Are you sure you've posted in the right place? :smile:

Here's a link to our subject forum which should help get you more responses if you post there. :redface:

Just quoting in Fox Corner so she can move the thread if needed :wizard:

Spoiler

Reply 2

Fox Corner

21

popped this in the physics forum for you

Reply 3

Joinedup

20

The relevant equations appear in the formula book as

v_max=2πfA
a_max=(2πf)² A

A (capital) is the amplitude
f is the frequency of oscillation... which is 1/T (T is the period in seconds)

Original post by amy1999

Part of a building structure is oscillating with approximately simple harmonic motion with a period of 10 s and amplitude 1 m.
a) calculate the maximum speed of the oscillation.
b) calculate the maximum acceleration of the oscillation.
Can you explain how to work these out please as I have no clue, the equations are confusing me.

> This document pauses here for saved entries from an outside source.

Theorem lemma6p1 (m : nat) (rho : R) (hm : (1 <= m)%nat) (hrho : 0 < rho)
  (n k : nat -> nat)
  (hn : is_lim_seq (fun j => INR (n j)) p_infty)
  (hk : is_lim_seq (fun j => INR (k j)) p_infty)
  (hr : is_lim_seq (fun j => INR (n j) / (2 * INR (k j))) (/ rho)) :
  Rbar_le
    (LimSup_seq (fun j => / INR (n j) * ln (Sdelta m (n j) (k j))))
    (Finite (INR m * ((1 + rho) * ln (1 + rho) - rho * ln rho))).
Proof.
  set (ratio := fun j => INR (2 * k j) / INR (n j)).
  set (bound := fun j => INR m * (ln (INR (2 * k j) + 1) / INR (n j)) + INR m * entropy_rate (ratio j)).
  assert (H2k : forall j, INR (2 * k j) = 2 * INR (k j)) by (intros; rewrite mult_INR; reflexivity).
  assert (Hratio : is_lim_seq ratio rho).
  { rewrite <- (Rinv_inv rho).
    apply (is_lim_seq_ext (fun j => / (INR (n j) / (2 * INR (k j)))));
      [intros j; unfold ratio; rewrite Rinv_div, H2k; reflexivity|].
    apply (is_lim_seq_inv _ _ hr); intros Hr0; injection Hr0; apply Rinv_neq_0_compat; lra. }
  assert (H2k_inf : is_lim_seq (fun j => INR (2 * k j)) p_infty).
  { apply (is_lim_seq_le_p_loc (fun j => INR (k j))); [| exact hk].
    exists 0%nat; intros j _; rewrite H2k; pose proof (pos_INR (k j)); lra. }
  assert (Hbound : is_lim_seq bound (INR m * 0 + INR m * entropy_rate rho)).
  { apply is_lim_seq_plus'; apply is_lim_seq_mult'; try apply is_lim_seq_const.
    - exact (is_lim_seq_ln_succ_div _ _ rho hn H2k_inf Hratio).
    - exact (is_lim_seq_entropy_rate ratio rho hrho Hratio). }
  eapply Rbar_le_trans.
  - apply (LimSup_le _ bound).
    destruct (eventually_gt0_of_lim_p_infty n hn) as [Jn HJn].
    destruct (eventually_gt0_of_lim_p_infty k hk) as [Jk HJk].
    exists (Nat.max Jn Jk); intros j Hj; apply ln_Sdelta_le; [apply HJn | apply HJk]; lia.
  - rewrite (is_LimSup_seq_unique bound _ (is_lim_LimSup_seq _ _ Hbound)).
    simpl; unfold entropy_rate; right; ring.
Qed.
Section NonnegIntegrals.
Context d (T : measurableType d) (R : realType) (mu : {measure set T -> \bar R}).
Local Open Scope ereal_scope.

Lemma ge0_le_integral_nomeas (D : set T) (f g : T -> \bar R) :
  (forall x, D x -> 0 <= f x) -> (forall x, D x -> f x <= g x) ->
  \int[mu]_(x in D) f x <= \int[mu]_(x in D) g x.
Proof.
move=> f0 fg; have g0 x : D x -> 0 <= g x by move=> Dx; exact: le_trans (f0 _ Dx) (fg _ Dx).
rewrite (ge0_integralE mu f0) (ge0_integralE mu g0).
apply: ereal_sup_le => _ [h hf <-]; exists h => // x.
exact: le_trans (hf x) (lee_restrict fg x).
Qed.

Lemma integral_cst_indic (A : set T) (c : R) : measurable A -> (0 <= c)%R ->
  \int[mu]_x (c * \1_A x)%:E = c%:E * mu A.
Proof.
move=> mA c0; rewrite (@integralZl_indic _ _ _ mu setT measurableT (fun=> A) c) //.
  by rewrite integral_indic // setIT.
by move=> /lt_le_trans /(_ c0); rewrite ltxx.
Qed.

Lemma integral_ge_cst_indic (A : set T) (c : R) (F : T -> \bar R) :
  measurable A -> (0 <= c)%R -> (forall x, A x -> c%:E <= F x) -> (forall x, 0 <= F x) ->
  c%:E * mu A <= \int[mu]_x F x.
Proof.
move=> mA c0 cF F0; rewrite -integral_cst_indic //.
apply: ge0_le_integral_nomeas => x _; rewrite /indic; case: (boolP (x \in A)) => xA.
- by rewrite mulr1 lee_fin.
- by rewrite mulr0.
- by rewrite mulr1 cF // -in_setE.
- by rewrite mulr0 F0.
Qed.

End NonnegIntegrals.

Section LebesgueNorms.
Variable R : realType.
Local Notation mu := (@lebesgue_measure R).

Lemma normL_ge_itv (p : \bar R) (S : set R) (g : R -> R) (a b c : R) :
  (0 < p)%E -> a < b -> `[a, b] `<=` S -> 0 <= c ->
  (forall x, a <= x <= b -> c <= `|g x|) ->
  ((c * (b - a) `^ invp p)%:E <= normL p S g)%E.
Proof.
move=> p0 ab abS c0 cg.
have mab : mu `[a, b]%classic = (b - a)%:E.
  by rewrite lebesgue_measure_itv /= lte_fin ab EFinB.
have gS x : a <= x <= b -> (\1_S x * g x = g x)%R.
  by move=> xab; rewrite /indic mem_set ?mul1r //; apply: abS; rewrite /= in_itv.
case: p p0 => [r||] //; rewrite ?lte_fin => r0; rewrite /normL unlock /=.
  have -> : c * (b - a) `^ r^-1 = (c `^ r * (b - a)) `^ r^-1.
    by rewrite powRM ?powR_ge0 ?subr_ge0 ?ltW // -powRrM mulfV ?gt_eqF // powRr1.
  rewrite -poweR_EFin; apply: gt0_ler_poweR; first by rewrite invr_ge0 ltW.
  - by rewrite in_itv /= leey andbT lee_fin mulr_ge0 ?powR_ge0 // subr_ge0 ltW.
  - rewrite in_itv /= leey andbT; apply: integral_ge0 => x _.
    by rewrite lee_fin powR_ge0.
  rewrite EFinM -mab; apply: integral_ge_cst_indic; rewrite ?powR_ge0 //.
  move=> x /=; rewrite in_itv /= => xab; rewrite gS // lee_fin.
  by rewrite ge0_ler_powR ?nnegrE ?(ltW r0) ?cg.
have muT0 : (0 < mu [set: R])%E.
  apply: (@lt_le_trans _ _ (mu `[0, 1]%classic)).
    by rewrite lebesgue_measure_itv /= lte_fin ltr01 oppr0 adde0 lte_fin ltr01.
  by rewrite le_measure ?inE //; exact: measurable_itv.
rewrite muT0 powRr0 mulr1; apply: le_ereal_inf_tmp => y /= [N [mN N0 sN]].
rewrite leNgt; apply/negP => yc.
have abN : `[a, b]%classic `<=` N.
  move=> x /=; rewrite in_itv /= => xab; apply: sN => /=; rewrite gS // => gy.
  by move: (le_lt_trans gy yc); rewrite lte_fin ltNge cg.
have : (mu `[a, b]%classic <= mu N)%E.
  by rewrite le_measure ?inE //; exact: measurable_itv.
by rewrite N0 mab lee_fin subr_le0 leNgt ab.
Qed.

Lemma normLoo_le (S : set R) (g : R -> R) (C : R) :
  0 <= C -> (forall x, S x -> `|g x| <= C) -> (normL +oo%E S g <= C%:E)%E.
Proof.
move=> C0 gC; rewrite /normL unlock /=; case: ifP => _; last by rewrite lee_fin.
apply/ess_supP; apply: nearW => x /=; rewrite /indic.
case: (boolP (x \in S)) => xS; rewrite ?mul1r ?mul0r /= lee_fin ?normr0 //.
by apply: gC; rewrite -in_setE.
Qed.

Lemma normL_le (r : R) (S : set R) (g : R -> R) (M : R) : 0 < r -> 0 <= M ->
  (\int[mu]_x (`|\1_S x * g x| `^ r)%:E <= M%:E)%E ->
  (normL r%:E S g <= (M `^ r^-1)%:E)%E.
Proof.
move=> r0 M0 gM; rewrite /normL unlock /= -poweR_EFin.
apply: gt0_ler_poweR => //; first by rewrite invr_ge0 ltW.
- rewrite in_itv /= leey andbT; apply: integral_ge0 => x _.
  by rewrite lee_fin powR_ge0.
- by rewrite in_itv /= lee_fin M0 leey.
Qed.

End LebesgueNorms.

Section PowerBounds.
Variable R : realType.
Implicit Types (u y t g : R).

Lemma powR_le_2 u g : 1 <= u <= 2 -> u `^ g <= 2 `^ `|g|.
Proof.
move=> /andP[u1 u2]; have u0 : 0 < u := lt_le_trans ltr01 u1.
rewrite /powR !gt_eqF // ler_expR; have lnu0 : 0 <= ln u by rewrite ln_ge0.
apply: le_trans (ler_norm _) _; rewrite normrM (ger0_norm lnu0) ler_wpM2l //.
by rewrite ler_ln ?posrE.
Qed.

Lemma powR_ge_2 u g : 1 <= u <= 2 -> 2 `^ (- `|g|) <= u `^ g.
Proof.
move=> /andP[u1 u2]; have u0 : 0 < u := lt_le_trans ltr01 u1.
rewrite /powR !gt_eqF // ler_expR; have lnu0 : 0 <= ln u by rewrite ln_ge0.
rewrite mulNr lerNl; apply: le_trans (ler_norm _) _.
rewrite normrN normrM (ger0_norm lnu0) ler_wpM2l //.
by rewrite ler_ln ?posrE.
Qed.

Lemma powR_exprn y t n : 0 <= y -> (y ^+ n) `^ t = (y `^ t) ^+ n.
Proof.
move=> y0; rewrite -powR_mulrn // -powRrM mulrC powRrM powR_mulrn //.
exact: powR_ge0.
Qed.

Lemma powR_ratio y t g : 0 < y -> 0 <= t -> t `^ g = y `^ g * (t / y) `^ g.
Proof.
move=> y0 t0; rewrite -powRM ?divr_ge0 ?(ltW y0) //.
by rewrite mulrCA mulfV ?mulr1 // gt_eqF.
Qed.

Lemma powR_doubling_le y t g : 0 < y -> y <= t <= 2 * y -> t `^ g <= y `^ g * 2 `^ `|g|.
Proof.
move=> y0 /andP[yt t2y]; rewrite [t `^ g](@powR_ratio y) ?(le_trans (ltW y0)) //.
rewrite ler_wpM2l ?powR_ge0 // powR_le_2 //.
by rewrite ler_pdivlMr // mul1r ler_pdivrMr // yt t2y.
Qed.

Lemma powR_doubling_ge y t g : 0 < y -> y <= t <= 2 * y -> y `^ g * 2 `^ (- `|g|) <= t `^ g.
Proof.
move=> y0 /andP[yt t2y]; rewrite [t `^ g](@powR_ratio y) ?(le_trans (ltW y0)) //.
rewrite ler_wpM2l ?powR_ge0 // powR_ge_2 //.
by rewrite ler_pdivlMr // mul1r ler_pdivrMr // yt t2y.
Qed.

Lemma half_powR_lt1 (x : R) : 0 < x -> 2^-1 `^ x < 1.
Proof.
move=> x0; rewrite /powR gt_eqF ?invr_gt0 // expR_lt1 pmulr_rlt0 //.
by rewrite ln_lt0 // invr_gt0 ltr0n invf_lt1 ?ltr1n.
Qed.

In simple harmonic motion, the acceleration is always directly proportional to displacement and has the following defining equation:

a = - \omega^2 x

----eqn(1)

where

a

is the acceleration,

x

is the displacement and

\omega

is the angular frequency , given by

\omega = 2 \pi f = \frac{2 \pi}{T}

.

From eqn(1), the maximum value of acceleration occurs at when the displacement is maximum - maximum displacement implies amplitude, A.

So the maximum acceleration is

a = \omega^2 A = (2 \pi f)^2 A

----given by Joinedup

The displacement of simple harmonic motion can be described by a sinusoidal function

x = A \cos( \omega t)

----eqn(2)

If equation (2) is differentiated with respect to time t, we obtain the "velocity"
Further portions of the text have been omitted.